With Tobiko Cloud, users don't need to configure a cron job that periodically runs the sqlmesh run command.

Instead, Tobiko Cloud automatically schedules model execution based on the cron expressions in the project's model definitions.

Concurrent runs

Unlike the built-in scheduler, Tobiko Cloud parallelizes both model executions and run jobs.

This means that if one run job is blocked by a long-running model, other independent models can still execute concurrently in separate run jobs.

Run pausing

Tobiko Cloud allows you to pause and resume model execution at both the environment and individual model level.

This granular control helps prevent problems during maintenance windows and troubleshoot issues.

Isolated Python environments

Tobiko Cloud automatically manages Python dependencies of your Python macros and models.

Each virtual environment has its own isolated Python environment and set of dependencies, ensuring that changes in one environment won't affect other environments.

Improved concurrency control

The cloud scheduler ensures that plans targeting the same environment are applied sequentially, preventing race conditions and ensuring correct results.

Access control

Tobiko Cloud manages your data warehouse connection. This allows users to execute run and plan commands without needing local access to warehouse credentials.

Tobiko Cloud also provides fine-grained access control for the run and plan commands. User permissions may be limited to specific environments or models (coming soon).

Using the Cloud scheduler

This section describes how to configure and use the Tobiko Cloud scheduler.

Connection configuration

To start using the cloud scheduler, configure the connection to your data warehouse in the Tobiko Cloud UI.
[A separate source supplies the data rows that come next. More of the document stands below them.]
Definition trDP (q0 q1 q2 q3 : R) : R :=
  l1*(q0^2+q1^2-q2^2-q3^2) + l2*(q0^2-q1^2+q2^2-q3^2) + l3*(q0^2-q1^2-q2^2+q3^2).

Lemma g_differences q0 q1 q2 q3 : on_S3 q0 q1 q2 q3 ->
  let t := trDP q0 q1 q2 q3 in
  g0 q0 q1 q2 q3 - g1 q0 q1 q2 q3 = 2*(l2+l3)*(t - (2+l1)) /\
  g0 q0 q1 q2 q3 - g2 q0 q1 q2 q3 = 2*(l1+l3)*(t - (2+l2)) /\
  g0 q0 q1 q2 q3 - g3 q0 q1 q2 q3 = 2*(l1+l2)*(t - (2+l3)) /\
  g1 q0 q1 q2 q3 - g2 q0 q1 q2 q3 = 2*(l1-l2)*(t - (2-l3)) /\
  g1 q0 q1 q2 q3 - g3 q0 q1 q2 q3 = 2*(l1-l3)*(t - (2-l2)) /\
  g2 q0 q1 q2 q3 - g3 q0 q1 q2 q3 = 2*(l2-l3)*(t - (2-l1)).
Proof.
  intros hq t; unfold on_S3 in hq; unfold t, g0, g1, g2, g3, trDP.
  replace (q0^2) with (1 - q1^2 - q2^2 - q3^2) by lra.
  repeat split; ring.
Qed.

Definition pair_conditions (q0 q1 q2 q3 : R) : Prop :=
  let t := trDP q0 q1 q2 q3 in
  (q0 = 0 \/ q1 = 0 \/ t = 2+l1) /\ (q0 = 0 \/ q2 = 0 \/ t = 2+l2) /\
  (q0 = 0 \/ q3 = 0 \/ t = 2+l3) /\ (q1 = 0 \/ q2 = 0 \/ t = 2-l3) /\
  (q1 = 0 \/ q3 = 0 \/ t = 2-l2) /\ (q2 = 0 \/ q3 = 0 \/ t = 2-l1).
End Model.

Definition nondegenerate (l1 l2 l3 : R) : Prop :=
  l2+l3 <> 0 /\ l1+l3 <> 0 /\ l1+l2 <> 0 /\ l1-l2 <> 0 /\ l1-l3 <> 0 /\ l2-l3 <> 0.

Lemma ordered_nondegenerate l1 l2 l3 :
  l1 > l2 -> l2 > l3 -> l3 > 0 -> nondegenerate l1 l2 l3.
Proof. unfold nondegenerate; intros; repeat split; lra. Qed.

Lemma pair_factor_zero x y c a b : c <> 0 ->
  (x*y*(2*c*(a - b)) = 0 <-> x = 0 \/ y = 0 \/ a = b).
Proof.
  intro hc; split.
  - intro H.
    destruct (Rmult_integral _ _ H) as [Hxy | Hcab].
    + destruct (Rmult_integral _ _ Hxy); auto.
    + destruct (Rmult_integral _ _ Hcab) as [H2c | Hab]; [|right; right; lra].
      destruct (Rmult_integral _ _ H2c); [lra | contradiction].
  - intros [-> | [-> | ->]]; ring.
Qed.

Lemma balanced_iff_pair_conditions l1 l2 l3 q0 q1 q2 q3 :
  nondegenerate l1 l2 l3 -> on_S3 q0 q1 q2 q3 ->
  balanced (g0 l1 l2 l3 q0 q1 q2 q3) (g1 l1 l2 l3 q0 q1 q2 q3)
           (g2 l1 l2 l3 q0 q1 q2 q3) (g3 l1 l2 l3 q0 q1 q2 q3) q0 q1 q2 q3
  <-> pair_conditions l1 l2 l3 q0 q1 q2 q3.
Proof.
  intros (n01 & n02 & n03 & n12 & n13 & n23) hq.
  destruct (g_differences l1 l2 l3 q0 q1 q2 q3 hq) as (D01 & D02 & D03 & D12 & D13 & D23).
  unfold balanced, pair_conditions.
  rewrite D01, D02, D03, D12, D13, D23, !pair_factor_zero by assumption.
  reflexivity.
Qed.

Lemma critical_iff_tangent_condition l1 l2 l3 q0 q1 q2 q3 :
  critical_S3 l1 l2 l3 q0 q1 q2 q3 <->
  (forall v0 v1 v2 v3, q0*v0 + q1*v1 + q2*v2 + q3*v3 = 0 ->
     q0*v0*g0 l1 l2 l3 q0 q1 q2 q3 + q1*v1*g1 l1 l2 l3 q0 q1 q2 q3
     + q2*v2*g2 l1 l2 l3 q0 q1 q2 q3 + q3*v3*g3 l1 l2 l3 q0 q1 q2 q3 = 0).
Proof.
  unfold critical_S3; split; intros H v0 v1 v2 v3 Hv;
    pose proof (Gfun_directional_derivative l1 l2 l3 q0 q1 q2 q3 v0 v1 v2 v3) as Hd.
  - pose proof (uniqueness_limite _ _ _ _ Hd (H v0 v1 v2 v3 Hv)); lra.
  - rewrite (H v0 v1 v2 v3 Hv), Rmult_0_r in Hd; exact Hd.
Qed.

Lemma critical_iff_pair_conditions l1 l2 l3 q0 q1 q2 q3 :
  nondegenerate l1 l2 l3 -> on_S3 q0 q1 q2 q3 ->
  critical_S3 l1 l2 l3 q0 q1 q2 q3 <-> pair_conditions l1 l2 l3 q0 q1 q2 q3.
Proof.
  intros hl hq.
  rewrite critical_iff_tangent_condition, tangent_condition_iff_balanced by exact hq.
  exact (balanced_iff_pair_conditions l1 l2 l3 q0 q1 q2 q3 hl hq).
Qed.

Lemma pm_sqrt_iff x y : 0 <= y -> (pm x (sqrt y) <-> x^2 = y).
Proof.
  intro hy; unfold pm; split.
  - intros [-> | ->]; [| replace ((- sqrt y)^2) with (sqrt y ^ 2) by ring];
      apply pow2_sqrt; exact hy.
  - intros <-; destruct (Rle_or_lt 0 x) as [hx | hx].
    + left; rewrite sqrt_pow2; auto.
    + right; replace (x^2) with ((-x)^2) by ring; rewrite sqrt_pow2; lra.
Qed.

Lemma pm_one_iff x : pm x 1 <-> x^2 = 1.
Proof. rewrite <- sqrt_1 at 1; apply pm_sqrt_iff; lra. Qed.

Lemma half_pm_inv_nonneg s : s > 2 -> 0 <= /2 + /s /\ 0 <= /2 - /s.
Proof.
  intro hs.
  assert (0 < /s) by (apply Rinv_0_lt_compat; lra).
  assert (/s < /2) by (apply Rinv_lt_contravar; lra).
  lra.
Qed.

Lemma pm_a_s_sq s x : s > 2 -> pm x (a_s s) -> x^2 = /2 + /s.
Proof. intro hs; apply pm_sqrt_iff, half_pm_inv_nonneg, hs. Qed.

Lemma pm_b_s_sq s x : s > 2 -> pm x (b_s s) -> x^2 = /2 - /s.
Proof. intro hs; apply pm_sqrt_iff, half_pm_inv_nonneg, hs. Qed.

(* A point (x, y) of the unit circle with y <> 0 satisfying the threshold
   equation c (x^2 + y^2) + s (x^2 - y^2) = 2 + c, s > 0, forces s > 2 and
   (x, y) = (+-a(s), +-b(s)): indeed s (1 - 2 y^2) = 2 with y^2 > 0. *)
Lemma two_point_critical s c x y : 0 < s -> x^2 + y^2 = 1 -> y <> 0 ->
  c*(x^2 + y^2) + s*(x^2 - y^2) = 2 + c ->
  s > 2 /\ pm x (a_s s) /\ pm y (b_s s).
Proof.
  intros hs hxy hy E.
  rewrite hxy in E.
  assert (0 < y^2) by (pose proof (Rlt_0_sqr y hy); unfold Rsqr in *; lra).
  assert (hs2 : s > 2) by nra.
  destruct (half_pm_inv_nonneg s hs2).
  unfold a_s, b_s; split; [exact hs2 | split; apply pm_sqrt_iff; auto].
  - apply (Rmult_eq_reg_l (2*s)); [field_simplify; nra | nra].
  - apply (Rmult_eq_reg_l (2*s)); [field_simplify; nra | nra].
Qed.

Definition critical_points (l1 l2 l3 q0 q1 q2 q3 : R) : Prop :=
  (pm q0 1 /\ q1 = 0 /\ q2 = 0 /\ q3 = 0) \/
  (q0 = 0 /\ pm q1 1 /\ q2 = 0 /\ q3 = 0) \/
  (q0 = 0 /\ q1 = 0 /\ pm q2 1 /\ q3 = 0) \/
  (q0 = 0 /\ q1 = 0 /\ q2 = 0 /\ pm q3 1) \/
  (l2 - l3 > 2 /\ q0 = 0 /\ q1 = 0
     /\ pm q2 (a_s (l2 - l3)) /\ pm q3 (b_s (l2 - l3))) \/
  (l1 - l3 > 2 /\ q0 = 0 /\ pm q1 (a_s (l1 - l3))
     /\ q2 = 0 /\ pm q3 (b_s (l1 - l3))) \/
  (l1 - l2 > 2 /\ q0 = 0 /\ pm q1 (a_s (l1 - l2))
     /\ pm q2 (b_s (l1 - l2)) /\ q3 = 0) \/
  (l1 + l2 > 2 /\ pm q0 (a_s (l1 + l2)) /\ q1 = 0
     /\ q2 = 0 /\ pm q3 (b_s (l1 + l2))) \/
  (l1 + l3 > 2 /\ pm q0 (a_s (l1 + l3)) /\ q1 = 0
     /\ pm q2 (b_s (l1 + l3)) /\ q3 = 0) \/
  (l2 + l3 > 2 /\ pm q0 (a_s (l2 + l3)) /\ pm q1 (b_s (l2 + l3))
     /\ q2 = 0 /\ q3 = 0).

Ltac pm_to_squares :=
  repeat match goal with
  | H : pm _ 1 |- _ => apply pm_one_iff in H
  | hs : ?s > 2, H : pm _ (a_s ?s) |- _ => apply (pm_a_s_sq s _ hs) in H
  | hs : ?s > 2, H : pm _ (b_s ?s) |- _ => apply (pm_b_s_sq s _ hs) in H
  end.

Ltac rewrite_squares :=
  repeat match goal with H : _ ^ 2 = _ |- _ => rewrite H end.

Lemma critical_points_pair_conditions l1 l2 l3 q0 q1 q2 q3 :
  critical_points l1 l2 l3 q0 q1 q2 q3 -> pair_conditions l1 l2 l3 q0 q1 q2 q3.
Proof.
  unfold critical_points, pair_conditions.
  intros [c|[c|[c|[c|[c|[c|[c|[c|[c|c]]]]]]]]]; decompose [and] c; clear c; subst;
    pm_to_squares; repeat split;
    first [ now left | now right; left
          | right; right; unfold trDP; rewrite_squares; field; lra ].
Qed.

Section Classification.
Variables l1 l2 l3 : R.
Hypotheses (h12 : l1 > l2) (h23 : l2 > l3) (h3 : l3 > 0).

(* Solutions of the pair conditions with q0 = 0.  Supports with three or more
   coordinates are excluded since they would force two distinct thresholds. *)
Lemma classify_q0_zero q1 q2 q3 :
  on_S3 0 q1 q2 q3 -> pair_conditions l1 l2 l3 0 q1 q2 q3 ->
  critical_points l1 l2 l3 0 q1 q2 q3.
Proof.
  unfold on_S3, critical_points; intros hq (_ & _ & _ & P12 & P13 & P23).
  destruct (Req_dec q1 0) as [-> | n1]; destruct (Req_dec q2 0) as [-> | n2];
    destruct (Req_dec q3 0) as [-> | n3];
    try (destruct P12 as [? | [? | E12]]; [contradiction.. |]);
    try (destruct P13 as [? | [? | E13]]; [contradiction.. |]);
    try (destruct P23 as [? | [? | E23]]; [contradiction.. |]);
    try lra.
  - do 3 right; left; repeat split; apply pm_one_iff; lra.
  - do 2 right; left; repeat split; apply pm_one_iff; lra.
  - destruct (two_point_critical (l2-l3) (-l1) q2 q3) as (hs & ha & hb);
      [lra | lra | exact n3 | unfold trDP in E23; lra |].
    do 4 right; left; repeat split; auto.
  - right; left; repeat split; apply pm_one_iff; lra.
  - destruct (two_point_critical (l1-l3) (-l2) q1 q3) as (hs & ha & hb);
      [lra | lra | exact n3 | unfold trDP in E13; lra |].
    do 5 right; left; repeat split; auto.
  - destruct (two_point_critical (l1-l2) (-l3) q1 q2) as (hs & ha & hb);
      [lra | lra | exact n2 | unfold trDP in E12; lra |].
    do 6 right; left; repeat split; auto.
Qed.

Lemma classify_q0_nonzero q0 q1 q2 q3 : q0 <> 0 ->
  on_S3 q0 q1 q2 q3 -> pair_conditions l1 l2 l3 q0 q1 q2 q3 ->
  critical_points l1 l2 l3 q0 q1 q2 q3.
Proof.
  unfold on_S3, critical_points; intros n0 hq (P01 & P02 & P03 & _).
  destruct (Req_dec q1 0) as [-> | n1]; destruct (Req_dec q2 0) as [-> | n2];
    destruct (Req_dec q3 0) as [-> | n3];
    try (destruct P01 as [? | [? | E01]]; [contradiction.. |]);
    try (destruct P02 as [? | [? | E02]]; [contradiction.. |]);
    try (destruct P03 as [? | [? | E03]]; [contradiction.. |]);
    try lra.
  - left; repeat split; apply pm_one_iff; lra.
  - destruct (two_point_critical (l1+l2) l3 q0 q3) as (hs & ha & hb);
      [lra | lra | exact n3 | unfold trDP in E03; lra |].
    do 7 right; left; repeat split; auto.
  - destruct (two_point_critical (l1+l3) l2 q0 q2) as (hs & ha & hb);
      [lra | lra | exact n2 | unfold trDP in E02; lra |].
    do 8 right; left; repeat split; auto.
  - destruct (two_point_critical (l2+l3) l1 q0 q1) as (hs & ha & hb);
      [lra | lra | exact n1 | unfold trDP in E01; lra |].
    do 9 right; repeat split; auto.
Qed.

Lemma pair_conditions_iff_critical_points q0 q1 q2 q3 : on_S3 q0 q1 q2 q3 ->
  pair_conditions l1 l2 l3 q0 q1 q2 q3 <-> critical_points l1 l2 l3 q0 q1 q2 q3.
Proof.
  intro hq; split; [| apply critical_points_pair_conditions].
  destruct (Req_dec q0 0) as [-> | n0].
  - apply classify_q0_zero, hq.
  - apply classify_q0_nonzero; assumption.
Qed.
End Classification.
(* Let $(\Omega,\mathcal A,\mu)$ be a probability space admitting a learning rule that is consistent under every learning problem $(\mu,\eta)$ with $\eta:\Omega\to[0,1]$ an $\mathcal A$-measurable regression function. Then the Maharam type of the measure algebra $(\mathcal A,\mu\circ\Delta)$ does not exceed the cardinality of $\Omega$.
   Context: For a measurable space $(\Omega,\mathcal A)$, a learning rule $\mathcal L$ assigns to every $n\ge1$, labelled sample $\sigma\in\Omega^n\times\{0,1\}^n$ and $x\in\Omega$ a label $\mathcal L_n(\sigma)(x)\in\{0,1\}$ (measurably in $(\sigma,x)$), so that $\mathcal L_n(\sigma)$ is a measurable classifier $\Omega\to\{0,1\}$. A probability measure $\mu$ on $\Omega$ together with a measurable $\eta:\Omega\to[0,1]$ determines a probability measure $\tilde\mu$ on $\Omega\times\{0,1\}$ by $\tilde\mu(A\times\{1\})=\int_A\eta\,d\mu$, $\tilde\mu(A\times\{0\})=\int_A(1-\eta)\,d\mu$. The error is $\mathrm{err}_{\tilde\mu}(\mathcal L_n)=(\tilde\mu^n\otimes\tilde\mu)\{(\sigma,x,y):\mathcal L_n(\sigma)(x)\ne y\}$ and the Bayes error is $\ell^*(\tilde\mu)=\inf_T\tilde\mu\{(x,y):T(x)\ne y\}$ over measurable classifiers $T$; the rule is consistent under $(\mu,\eta)$ if $\mathrm{err}_{\tilde\mu}(\mathcal L_n)\to\ell^*(\tilde\mu)$. The measure algebra $(\mathcal A,\mu\circ\Delta)$ is the quotient of $\mathcal A$ by the ideal of $\mu$-null sets, with metric $d(A,B)=\mu(A\Delta B)$. Its Maharam type is the smallest cardinality of a subset of this Boolean algebra generating a subalgebra that is dense for this metric. *)

From HB Require Import structures.
From mathcomp Require Import all_boot all_order all_algebra.
From mathcomp Require Import all_classical all_reals all_analysis.
Set Implicit Arguments. Unset Strict Implicit. Unset Printing Implicit Defensive.
Import Order.TTheory GRing.Theory Num.Theory.
Local Open Scope classical_set_scope.
Local Open Scope ring_scope.

Definition learning_rule d (T : measurableType d) :=
  forall n : nat, n.-tuple (T * bool)%type -> T -> bool.

Definition is_learning_rule d (T : measurableType d)
  (L : learning_rule T) : Prop :=
  forall n : nat,
    measurable_fun setT (fun p : (n.-tuple (T * bool) * T)%type => L n p.1 p.2).

Definition joint_law d (T : measurableType d) (R : realType)
  (mu : probability T R) (eta : T -> R) (P : probability (T * bool)%type R) : Prop :=
  forall A : set T, measurable A ->
    (P (A `*` [set true]) = \int[mu]_(x in A) (eta x)%:E)%E /\
    (P (A `*` [set false]) = \int[mu]_(x in A) (1 - eta x)%:E)%E.

Definition is_power_measure d (T : measurableType d) (R : realType) (n : nat)
  (P : probability (T * bool)%type R) (Q : probability (n.-tuple (T * bool)%type) R) : Prop :=
  forall A : 'I_n -> set (T * bool)%type, (forall i, measurable (A i)) ->
    Q [set t | forall i, A i (tnth t i)] = (\prod_(i < n) P (A i))%E.

Definition rule_error d (T : measurableType d) (R : realType)
  (L : learning_rule T) (n : nat) (P : probability (T * bool)%type R)
  (Q : probability (n.-tuple (T * bool)%type) R) : \bar R :=
  (Q \x P)%E [set p : (n.-tuple (T * bool) * (T * bool))%type | L n p.1 p.2.1 != p.2.2].

Definition bayes_error d (T : measurableType d) (R : realType)
  (P : probability (T * bool)%type R) : \bar R :=
  ereal_inf [set P [set p : (T * bool)%type | h p.1 != p.2] |
             h in [set h : T -> bool | measurable_fun setT h]].

Definition universally_consistent d (T : measurableType d) (R : realType)
  (mu : probability T R) (L : learning_rule T) : Prop :=
  forall eta : T -> R, measurable_fun setT eta ->
    (forall x, 0 <= eta x <= 1) ->
  forall P : probability (T * bool)%type R, joint_law mu eta P ->
  forall Q : forall n : nat, probability (n.-tuple (T * bool)%type) R,
    (forall n, @is_power_measure _ T R n P (Q n)) ->
    (fun n => @rule_error _ T R L n P (Q n)) @ \oo --> bayes_error P.

Definition gen_algebra T (G : set (set T)) : set (set T) :=
  \bigcap_(F in [set F : set (set T) | [/\ G `<=` F, F setT,
      (forall A, F A -> F (~` A)) & (forall A B, F A -> F B -> F (A `|` B))]]) F.

(* G (a family of measurable sets, i.e. of representatives of elements of the
   measure algebra) generates a subalgebra that is dense for d(A,B)=mu(A Delta B). *)
Definition generates_dense_subalgebra d (T : measurableType d) (R : realType)
  (mu : probability T R) (G : set (set T)) : Prop :=
  G `<=` measurable /\
  forall A : set T, measurable A -> forall e : R, 0 < e ->
    exists2 B, gen_algebra G B & (mu ((A `\` B) `|` (B `\` A)) < e%:E)%E.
Step 1: Click on the "Settings" tab in the sidebar.

settings_tab

Step 2: Navigate to the "Connections" tab (1) and click on the "Add Connection" button (2).

add_connection

Step 3: Enter the name of the gateway in the Gateway field and the connection configuration in YAML format in the YAML Configuration field.

The format follows the connection configuration in the SQLMesh Connections guide.

!!! warning "Gateway names must match"

This gateway name must match the name of the gateway specified in the project's `config.yaml` file.

add_connection_form

Step 4: Click the "Save" button to add the connection.

The connection will be tested and only saved if the connection is successful. The configuration is stored in encrypted form using AES-256 encryption and is only decrypted for execution purposes.

add_connection_success

Step 5: Switch to the Cloud scheduler in the project's configuration file.

Update your project's config.yaml file to specify a scheduler of type cloud.

!!! warning "Gateway name must match"

This gateway name must match the name of the gateway that was specified when adding the connection in the Tobiko Cloud UI.

=== "YAML"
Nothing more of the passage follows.